Finally, while NVIDIA only briefly touched upon the subject, we do know that their video encoder block, NVENC, has been updated for Turing. The latest iteration of NVENC specifically adds support for 8K HEVC encoding. Meanwhile NVIDIA has also been able to further tune the quality of their encoder, allowing them to achieve similar quality as before with a 25% lower video bitrate.

Previewing GeForce RTX 2080 Ti

Turing and NVIDIA’s focus on hybrid rendering aside, let’s take a look at the individual GeForce RTX cards.

Before getting too far here, it’s important to point out that NVIDIA has offered little in the way of information on the cards’ performance besides their formal specifications. Essentially the entirety of the NVIDIA Gamescom presentation – and even most of the SIGGRAPH presentation – was focused on ray tracing/hybrid rendering and the Turing architecture’s unique hardware capabilities to support those features. As a result we don’t have a good frame of reference for how these specifications will translate into real-world performance. Which is also why we’re disappointed that NVIDIA has already started pre-orders, as it pushes consumers into blindly buying cards.

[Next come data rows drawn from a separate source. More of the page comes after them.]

(* For $i=1,2$ let $P_i$ be an irreducible aperiodic transition matrix on the countable set $X_i$ with root $e_i$ satisfying a ratio limit theorem with kernel $h_i$ and ratio limit kernel $H_i(x_i,y_i)=h_i(x_i,y_i)/h_i(e_i,y_i)$; let $\partial_R X_i$ be the ratio limit boundary of $(X_i,P_i)$ and denote also by $H_i(x_i,\cdot)$ the continuous extensions to $\partial_R X_i$. Let $P=P_1\otimes P_2$ on $X=X_1\times X_2$, $p(x_1x_2,y_1y_2)=p_1(x_1,y_1)p_2(x_2,y_2)$, which satisfies a ratio limit theorem with $h(x_1x_2,y_1y_2)=h_1(x_1,y_1)h_2(x_2,y_2)$ and $H(x_1x_2,y_1y_2)=H_1(x_1,y_1)H_2(x_2,y_2)$. On the product boundary $B=(\partial_R X_1\times\partial_R X_2)\cup(X_1\times\partial_R X_2)\cup(\partial_R X_1\times X_2)$ define $\eta_1\eta_2\approx\zeta_1\zeta_2$ iff $H_1(x_1,\eta_1)H_2(x_2,\eta_2)=H_1(x_1,\zeta_1)H_2(x_2,\zeta_2)$ for all $x_1x_2\in X_1\times X_2$ (where $H_i(x_i,y_i)$ for $y_i\in X_i$ is the original kernel). Then the ratio limit boundary of $(X,P)$ is the image of the product boundary $B$ (inside the product compactification of the two ratio limit compactifications) under the factor map of $\approx$, and the extension of $H(x_1x_2,\cdot)$ to it is $H(x_1x_2,\xi)=H_1(x_1,\eta_1)H_2(x_2,\eta_2)$ for any representative $\eta_1\eta_2$ of the class $\xi$.
   Context: Ratio limit theorem for an irreducible aperiodic transition matrix $P$ on a countable set $X$ with root $e$: $h(x,y)=\lim_n p^{(n)}(x,y)/p^{(n)}(e,e)\in(0,\infty)$ exists for all $x,y$; ratio limit kernel $H(x,y)=h(x,y)/h(e,y)$. The ratio limit compactification is the unique (up to homeomorphism fixing $X$) compact Hausdorff space containing $X$ as discrete open dense subset to which every $H(x,\cdot)$ extends continuously and whose boundary points (points outside $X$, forming the ratio limit boundary) are separated by these extensions. Product compactification of compactifications $\mathcal C(X_1),\mathcal C(X_2)$ with boundaries $\partial X_i$: the space $\mathcal C(X_1)\times\mathcal C(X_2)$ with product topology; its boundary is $(\partial X_1\times\partial X_2)\cup(X_1\times\partial X_2)\cup(\partial X_1\times X_2)$; elements are written $w_1w_2$. *)

From HB Require Import structures.
From mathcomp Require Import all_boot all_order all_algebra.
From mathcomp Require Import all_classical all_reals all_analysis.
Set Implicit Arguments. Unset Strict Implicit. Unset Printing Implicit Defensive.
Import Order.TTheory GRing.Theory Num.Theory.
Import numFieldNormedType.Exports.
Local Open Scope classical_set_scope.
Local Open Scope ring_scope.

Section Markov.
Context {R : realType} {X : countType}.

Definition transition_matrix (P : X -> X -> R) : Prop :=
  (forall x y, 0 <= P x y) /\
  (forall x, (\esum_(y in [set: X]) (P x y)%:E = 1)%E).

Fixpoint mpow (P : X -> X -> R) (n : nat) (x y : X) : R :=
  match n with
  | 0 => if x == y then 1 else 0
  | n'.+1 => fine (\esum_(z in [set: X]) (mpow P n' x z * P z y)%:E)
  end.

Definition irreducible_tm (P : X -> X -> R) : Prop :=
  forall x y, exists n, 0 < mpow P n x y.

(* period 1: the gcd of the return times {n | p^(n)(x,x) > 0} is 1 *)
Definition aperiodic_tm (P : X -> X -> R) : Prop :=
  forall (x : X) (d : nat),
    (forall n, 0 < mpow P n x x -> (d %| n)%N) -> d = 1%N.

Definition ratio_limit (P : X -> X -> R) (e : X) (h : X -> X -> R) : Prop :=
  forall x y, 0 < h x y /\
    (fun n => mpow P n x y / mpow P n e e) @ \oo --> h x y.

Definition RLkernel (e : X) (h : X -> X -> R) (x y : X) : R := h x y / h e y.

At any rate, with NVIDIA having changed the SM for Turing as much as they have versus Pascal, I don’t believe FLOPS alone is an accurate proxy for performance in current games. It’s almost certain that NVIDIA has been able to improve their SM efficiency, especially judging from what we’ve seen thus far with the Titan V. So in that respect this launch is similar to the Maxwell launch in that the raw specifications can be deceiving, and that it’s possible to lose FLOPS and still gain performance.

In any case, at the top of the GeForce RTX 20 series stack will be the GeForce RTX 2080 Ti. A major departure from the GeForce 700/900/10 series, NVIDIA is not retaining the Ti card as a mid-generation kicker. Instead they’re launching with it right away. This means that the high-end of the RTX family is now a 3 card stack from the start, instead of a 2 card stack as has previously been the case.

NVIDIA has not commented on this change in particular, and this is one of those things that I expect we’ll know more about once we reach the actual hardware launch. But there’s good reason to suspect that since NVIDIA is using the relatively mature TSMC 12nm “FFN” process – itself an optimized version of 16nm – that yields are in a better place than usual at this time. Normally NVIDIA would be using a more bleeding-edge process, where it would make sense to hold back the largest chip another year or so to let yields improve.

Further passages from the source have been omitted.